Breast bondage is a bondage technique which involves the tying of rope around a woman's breasts in a visually intricate and decorative pattern. Breast bondage most commonly uses rope, but webbing, straps, a bondage harness or bondage tape may also be used.

Breast bondage often focuses on the decorative, aesthetic and erotic aspects of the result, and not on immobilization of the female subject. However, breast bondage can be combined with other techniques which restrict the subject's mobility and can provide securing points for other bondage plays, such as crotch rope and breast torture. Hence it can be used as an expression of dominance and submission as well as an aesthetic kink.

====Technique====
Breast bondage can be applied over clothing or directly to the skin, and can be worn under clothing or in full view. 1/4 in rope, ribbon, or leather straps can be used.

The basic breast bondage technique, sometimes known as circling, involves tying ropes around the base of the breasts, causing them to bulge outwards. Usually, a single length of rope is used to tie both breasts so that the rope harness is automatically held together at the front. The rope may then also be fixed behind the back, to make a sort of bra. The technique is most suitable for breasts that are C cup or larger.

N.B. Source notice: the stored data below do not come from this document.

Lemma sum_masks_count (R : pzSemiRingType) m (F : nat -> R) :
  \sum_(mk <- masks m) F (count id mk) = \sum_(j < m.+1) 'C(m, j)%:R * F j.
Proof.
elim: m F => [|m IH] F /=; first by rewrite big_seq1 big_ord1 /= mul1r.
rewrite big_cat !big_map /=.
under eq_bigr do rewrite add1n.
under [X in _ + X = _]eq_bigr do rewrite add0n.
by rewrite (IH (fun j => F j.+1)) IH pascal_sum addrC.
Qed.

Section Leibniz.
Variables (R : realType) (n : nat).
Implicit Types (f g : 'rV[R]_n -> R[i]) (js : seq 'I_n).

Lemma iter_pdM f g : inf_pderivable f -> inf_pderivable g -> forall js,
  foldr (@pd R n) (fun x => f x * g x) js = fun x =>
    \sum_(mk <- masks (size js))
      foldr (@pd R n) f (mask mk js) x * foldr (@pd R n) g (mask (map negb mk) js) x.
Proof.
move=> df dg; elim => [|j js IH]; first by apply/funext => x; rewrite /= big_seq1.
rewrite /= IH pd_sum; last by move=> mk; apply: pderivableM.
apply/funext => x; rewrite big_cat !big_map /= -big_split /=.
by apply: eq_bigr => mk _; rewrite pdM.
Qed.

Lemma inf_pderivableM f g :
  inf_pderivable f -> inf_pderivable g -> inf_pderivable (fun x => f x * g x).
Proof.
by move=> df dg js j; rewrite iter_pdM //; apply: pderivable_sum => mk; apply: pderivableM.
Qed.

Lemma inf_pderivableX f k : inf_pderivable f -> inf_pderivable (fun x => f x ^+ k).
Proof.
move=> df; elim: k => [|k IH].
  by under eq_fun do rewrite expr0; apply: inf_pderivable_cst.
by under eq_fun do rewrite exprS; apply: inf_pderivableM.
Qed.

End Leibniz.

(** * Multi-indices as sorted sequences of directions *)

Section MultiIndices.
Variable n : nat.
Implicit Types (g : 'I_n -> nat) (s : seq 'I_n).

(* A multi-index [g] is encoded by the nonincreasing sequence [mseq g] of the
   directions along which [pdm g] differentiates. Leibniz's rule along such a
   sequence produces subsequences, which are again sorted, i.e. multi-indices. *)
Definition ord_ge : rel 'I_n := fun i j => (j <= i)%N.

Definition mseq g : seq 'I_n := flatten [seq nseq (g j) j | j <- rev (enum 'I_n)].

Definition mcount s : 'I_n -> nat := fun j => count_mem j s.

Lemma ord_ge_trans : transitive ord_ge.
Proof. by move=> i j k /= ji kj; apply: leq_trans kj ji. Qed.

Lemma ord_ge_anti : antisymmetric ord_ge.
Proof. by move=> i j /andP[ji ij]; apply/val_inj/eqP; rewrite eqn_leq; apply/andP. Qed.

Lemma pdm_mseq (R : realType) g (f : 'rV[R]_n -> R[i]) :
  pdm g f = foldr (@pd R n) f (mseq g).
Proof.
rewrite /pdm /mseq; elim: (rev (enum 'I_n)) => //= j r IH.
by rewrite foldr_cat IH; elim: (g j) => //= k ->.
Qed.

Lemma sumn_rev_enum (F : 'I_n -> nat) :
  sumn [seq F j | j <- rev (enum 'I_n)] = (\sum_(j < n) F j)%N.
Proof. by rewrite sumnE big_map big_rev big_enum. Qed.

Lemma count_mseq g i : count_mem i (mseq g) = g i.
Proof.
rewrite /mseq count_flatten -map_comp.
rewrite (eq_map (g := fun j => ((j == i) * g j)%N)); last first.
  by move=> j /=; rewrite count_nseq.
rewrite sumn_rev_enum (bigD1 i) //= eqxx mul1n big1 ?addn0 // => j /negbTE ->.
by rewrite mul0n.
Qed.

Lemma size_mseq g : size (mseq g) = mlen g.
Proof.
rewrite /mseq size_flatten /shape -map_comp (eq_map (g := g)) ?sumn_rev_enum //.
by move=> j /=; rewrite size_nseq.
Qed.

Lemma sorted_flatten_nseq g s :
  sorted ord_ge s -> sorted ord_ge (flatten [seq nseq (g j) j | j <- s]).
Proof.
rewrite !(sorted_pairwise ord_ge_trans).
elim: s => [|j s IH] //= /andP[js /IH{}IH].
rewrite pairwise_cat IH andbT; apply/andP; split.
  apply/allrelP => _ _ /nseqP[-> _] /flattenP[_ /mapP[k ks ->]] /nseqP[-> _].
  exact: (allP js).
by elim: (g j) => //= k ->; rewrite andbT; apply/allP => _ /nseqP[-> _]; apply: leqnn.
Qed.

Lemma sorted_mseq g : sorted ord_ge (mseq g).
Proof.
apply: sorted_flatten_nseq; rewrite rev_sorted.
have := iota_ltn_sorted 0 n; rewrite -val_enum_ord sorted_map.
by apply: sub_sorted => i j /ltnW.
Qed.

Lemma mseq_mcount s : sorted ord_ge s -> mseq (mcount s) = s.
Proof.
move=> ss; apply: (sorted_eq ord_ge_trans ord_ge_anti (sorted_mseq _) ss).
by apply/allP => i _ /=; rewrite count_mseq.
Qed.

Lemma mlen_mcount s : sorted ord_ge s -> mlen (mcount s) = size s.
Proof. by move=> ss; rewrite -size_mseq mseq_mcount. Qed.

End MultiIndices.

Another technique is to put a rope around the torso just above the breasts, and another one just below them, then push the ropes together to squeeze the breasts from the top and bottom. This can be done instead of, or as well as, the other method. A rope can also be passed over the shoulders and between the breasts, drawing the rope above and below the breasts together, then pass back over the shoulders to the knots at the back. The primary rope can be used to place cinches between the arms and the body.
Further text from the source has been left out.